Unlocking GPU Intrinsics in HLSL

Unlocking GPU intrinsics in HLSL allows shaders to use special instructions for exchanging data between threads in a warp without shared memory.
These intrinsics are encoded as special sequences of regular HLSL instructions that the driver can recognize and optimize.
The sequences use atomic operations on a UAV buffer, which is a fake buffer that is not actually used by the shader.
To use these intrinsics, the application must allocate a UAV slot and tell the driver which slot to use.
By using these intrinsics, the performance of pixel shaders can be improved.
The intrinsics can be used in any pixel shader and are expanded into specific GPU instructions by the driver's JIT compiler.
To create a runtime object for an extended shader in DirectX 11, the extension must be specified using the NVAPI function nvShaderExtn_CreateShader() before and after calling ID3D11Device::CreatePixelShader().

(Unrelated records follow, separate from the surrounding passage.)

(* Let $L$ be a multisorted algebra in the positive quantifier-free signature. Then $L$ satisfies axioms (0), (1), (2), (3), (4) if and only if $L$ is isomorphic to a subalgebra of the positive quantifier-free algebra $A(W)$ of some set $W$.
   Context: Throughout, the Boolean prime ideal theorem is assumed. Signature. There is a sort $n$ for each natural number $n\ge 0$. For every function $\alpha\colon\{1,\dots,n\}\to\{1,\dots,k\}$ there is a unary function symbol (''substitution'') $\alpha\colon n\to k$ (argument of sort $n$, value of sort $k$). For each sort $n$ there are constants $0^n,1^n$ of sort $n$ and binary operations $\vee^n,\wedge^n$ on sort $n$ (superscripts usually omitted). This is the positive quantifier-free signature. If $\alpha\colon k\to n$ and $\beta\colon n\to m$ are substitutions, $\beta\circ\alpha\colon k\to m$ denotes the substitution symbol of the composite function $\{1,\dots,k\}\to\{1,\dots,m\}$, while $\beta(\alpha(r))$ denotes composition of the operations inside an algebra. $\mathrm{id}\colon n\to n$ is the identity substitution. Concrete algebras. For a set $W$ and a substitution $\alpha\colon\{1,\dots,n\}\to\{1,\dots,k\}$ put $\alpha^{\mathrm{tuple}}\colon W^k\to W^n$, $\alpha^{\mathrm{tuple}}(x_1,\dots,x_k)=(x_{\alpha(1)},\dots,x_{\alpha(n)})$, and $\alpha^{\mathrm{relation}}\colon\mathcal P(W^n)\to\mathcal P(W^k)$, $\alpha^{\mathrm{relation}}(r)=\{\bar x\in W^k:\alpha^{\mathrm{tuple}}(\bar x)\in r\}$. The positive quantifier-free algebra $A(W)$ has sort $n$ interpreted as $\mathcal P(W^n)$, each substitution $\alpha$ interpreted as $\alpha^{\mathrm{relation}}$, and $0,1,\vee,\wedge$ on sort $n$ interpreted as $\emptyset, W^n,\cup,\cap$. (Note $W^0$ has exactly one element, so sort $0$ of $A(W)$ has two elements.) Subalgebras and morphisms are in the multisorted sense. Partitioning cylindrifications: given $k_1,\dots,k_m\ge 0$ and $n=k_1+\dots+k_m$, the substitutions $c_i\colon k_i\to n$ given by $c_i(l)=l+\sum_{j<i}k_j$ (so $c_i^{\mathrm{tuple}}(\bar x_1\cdots\bar x_m)=\bar x_i$). In an algebra, $x\le y$ (also written $y\ge x$) means $x=x\wedge y$. Axioms: (0) For all partitioning cylindrifications $c_1,\dots,c_m$ with $c_i\colon k_i\to k_1+\dots+k_m$, and all $r_i,s_i$ of sort $k_i$: if $\bigvee_{i=1}^m c_i(s_i)\ge\bigwedge_{i=1}^m c_i(r_i)$ then $s_i\ge r_i$ for some $i$. This includes the case $m=0$ (empty join $=0$, empty meet $=1$ in sort $0$, empty disjunction false), i.e. $0\ge 1$ fails in sort $0$. (1) In each sort, $0,1,\vee,\wedge$ form a bounded distributive lattice. (2) Every substitution preserves $0,1,\vee,\wedge$ (e.g. $\alpha(r\wedge s)=\alpha(r)\wedge\alpha(s)$). (3) For substitutions $\alpha\colon k\to n$, $\beta\colon n\to m$ and all $r$ of sort $k$: $(\beta\circ\alpha)(r)=\beta(\alpha(r))$. (4) For all $r$ of sort $n$: $\mathrm{id}(r)=r$. *)

From mathcomp Require Import all_boot.
Set Implicit Arguments. Unset Strict Implicit. Unset Printing Implicit Defensive.

(* Sort n indexed by n : nat; a substitution alpha : {1..n} -> {1..k} is
   represented (0-indexed) by a finite function alpha : {ffun 'I_n -> 'I_k}. *)
Record pqf_alg := PqfAlg {
  car  : nat -> Type;
  sub  : forall n k : nat, {ffun 'I_n -> 'I_k} -> car n -> car k;
  zero : forall n, car n;
  one  : forall n, car n;
  join : forall n, car n -> car n -> car n;
  meet : forall n, car n -> car n -> car n
}.
Arguments sub L {n k} a x : rename.
Arguments zero L {n} : rename.
Arguments one L {n} : rename.
Arguments join L {n} x y : rename.
Arguments meet L {n} x y : rename.

Definition le (L : pqf_alg) n (x y : car L n) : Prop := x = meet L x y.

Definition comp_sub n k m (b : {ffun 'I_k -> 'I_m}) (a : {ffun 'I_n -> 'I_k})
  : {ffun 'I_n -> 'I_m} := [ffun i => b (a i)].
Definition id_sub n : {ffun 'I_n -> 'I_n} := [ffun i => i].

Definition offset m (ks : 'I_m -> nat) (i : 'I_m) : nat :=
  \sum_(j < m | j < i) ks j.

Lemma cyl_bound m (ks : 'I_m -> nat) (i : 'I_m) (l : 'I_(ks i)) :
  l + offset ks i < \sum_(j < m) ks j.
Proof.
rewrite /offset [X in _ < X](bigD1 i) //=.
have H : \sum_(j < m | j < i) ks j <= \sum_(j < m | j != i) ks j.
  rewrite [X in X <= _]big_mkcond [X in _ <= X]big_mkcond /=.
  apply: leq_sum => j _; case: (ltnP j i) => [ji|//].
  by rewrite (_ : j != i) //; apply/eqP => E; rewrite E ltnn in ji.
rewrite -addSn; apply: leq_add; [exact: ltn_ord | exact: H].
Qed.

NVIDIA GPUs support more than just warp shuffle intrinsics, and the complete list can be found in the NVAPI header file called nvHLSLExtns.h.
In DirectX 12 and Vulkan, these intrinsics are available through cross-vendor intrinsics, and NVAPI is not required.
It is important to make sure the application does not have the D3DCompiler_NO_XBOX_MS extension flag specified when using these intrinsics.
There are resources available for more use cases and examples of using intrinsics, such as the NVIDIA NVAPI SDK and the NVAPI GitHub repository.